I think the idea is that compiling a translation unit produces two outputs, the object code (as it currently does), and an intermediate representation of the exported declarations, that could be basically a generated .h file, but it would probably be more efficient to use a different format. Then dependent translation units use those declaration files.

With this, you can still compile in parallel. You are constrained by the order of dependencies, but that is already kind of the case.

One complication is that ideally, if the signature doesn't change, but the implementation does, you don't need to re-compile dependent translation units. This is trivial if your build system detects changes based on content (like, say, bazel), but if it uses timestamps (like make) then the compiler needs to ensure the timestamp isn't updated when the declarations don't change.

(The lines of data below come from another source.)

(* Let $G$ be a 3-connected graph other than $K_{3,3}$, let $N$ be a maximal 3-chop of $G$, and let $\sigma$ be a splitting star of $N$ with torso $X$. If $X$ has at least five vertices, then $X$ is internally 4-connected.
   Context: All graphs are finite and simple. A separation of $G$ is an unordered pair $\{A,B\}$ with $A\cup B=V(G)$ and no edge between $A\setminus B$ and $B\setminus A$; its order is $|A\cap B|$; a 3-separation has order exactly 3; it is proper if $A\setminus B\ne\emptyset\ne B\setminus A$. For oriented separations, $(A,B)\le(C,D)$ iff $A\subseteq C$ and $B\supseteq D$. Two separations are nested if some orientations of them are $\le$-comparable; a nested set has pairwise nested elements. A star is a set $\sigma$ of oriented separations with $(A,B)\le(D,C)$ for all distinct $(A,B),(C,D)\in\sigma$; its bag is $\bigcap_{(A,B)\in\sigma}B$ ($=V(G)$ if $\sigma$ is empty); its torso is obtained from the subgraph induced on the bag by making each separator $A\cap B$, $(A,B)\in\sigma$, a clique. A splitting star of a set $S$ of separations is a star $\sigma$ of orientations of elements of $S$ such that every $\{C,D\}\in S$ has an orientation $\le$ some element of $\sigma$. A proper 3-separation $\{A,B\}$ of a 3-connected graph is claw-free if both $G[A]$ and $G[B]$ contain a cycle. A set of proper 3-separations is claw-freeable if it can be enumerated $s_0,\dots,s_n$ so that each $s_i$ is claw-free or shares at least two separator vertices with some $s_j$, $j<i$. A 3-chop of $G$ is a claw-freeable nested set of proper 3-separations of $G$; it is maximal if it is not a proper subset of another 3-chop of $G$. A graph is internally 4-connected if it is 3-connected, has more than four vertices, and every proper 3-separation $\{A,B\}$ has independent separator and satisfies $|A\setminus B|=1$ or $|B\setminus A|=1$. *)

(* finite simple graphs as symmetric irreflexive relations
   on a finType; all graph notions are relative to a vertex set V. *)
From mathcomp Require Import all_boot.
Set Implicit Arguments. Unset Strict Implicit. Unset Printing Implicit Defensive.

But this really isn't a new concept. Basically every modern compiled language works fine without needing separate header files.

> This is trivial if your build system detects changes based on content (like, say, bazel), but if it uses timestamps (like make) then the compiler needs to ensure the timestamp isn't updated when the declarations don't change.

This is where the traditional distinction of "compiler vs Make" makes things harder; you want dependencies tracked at the "declaration" level, rather than the file level. If the timestamp _and_ content of the exported declarations file change, but none of the _used_ declarations changed, then there's no more compilation to be done. At best with file level tracking your build system will invoke the compiler for every downstream dependency, and they can decide if there's any more work to be done.

The build system would need to know which declarations are used (and what a declaration is) to do better.

The D compiler has an option to generate a "header file" from D modules. It's called a .di file. It's useful if you want to hide the implementation from a compiler, as you would with libraries.

As it turned out, though, people just found it too convenient to just import the .d file.

But as a very unexpected dividend, it was discovered that the D compiler would generate .di files from compiling .c files, and realized that D had an inherent ability to translate C code to D code!!!! This has become rather popular.

Nice explanation. Modules are the way forward. Looks to always have been. Not understanding the resistance, when the advantages are clear.
I do understand the resistance. C is a simple, comfortable language, and its adherents want it to stay that way, warts and all.

But in the context of that, what baffles me is the additions to the C Standard, such as useless (but complicated!) things like normalized Unicode identifiers, things with very marginal utility like generic functions, etc. Why those and not forward declarations?

Can't you use precompiled headers?
Interesting you brought that up. I implemented them for Symantec C and C++ back in the 90s.

I never want to do that again!

They are brittle and a maintenance nightmare. They did speed up compilations, though, but did not provide any semantic advantage.

With D I focused on fast compilation so much that precompiled headers didn't offer enough speedup to make them worth the agony.

>They are brittle and a maintenance nightmare

I happened to be reading DMC source this week, those hydrate/dehydrate stuff really is everywhere (which I assume is solely used for precompiled headers?)

Yup. I spent a crazy amount of time debugging that. The tiniest mistake was a big problem to find.
I had an intern try to use precompiled headers for the Linux kernel. The road block they found was that the command line parameters used to compile the header must exactly match for all translation units which it is used. This is no the case for the Linux kernel. We could compile the header multiple times, but the build complexity was not something we could overcome during the course of one internship.
> must exactly match

Yup. My compiler kept a list of which switches would perturb compilation and so would invalidate the precompiled header, and which did not.

Precompiled headers are an awful, desperate feature. Good riddance.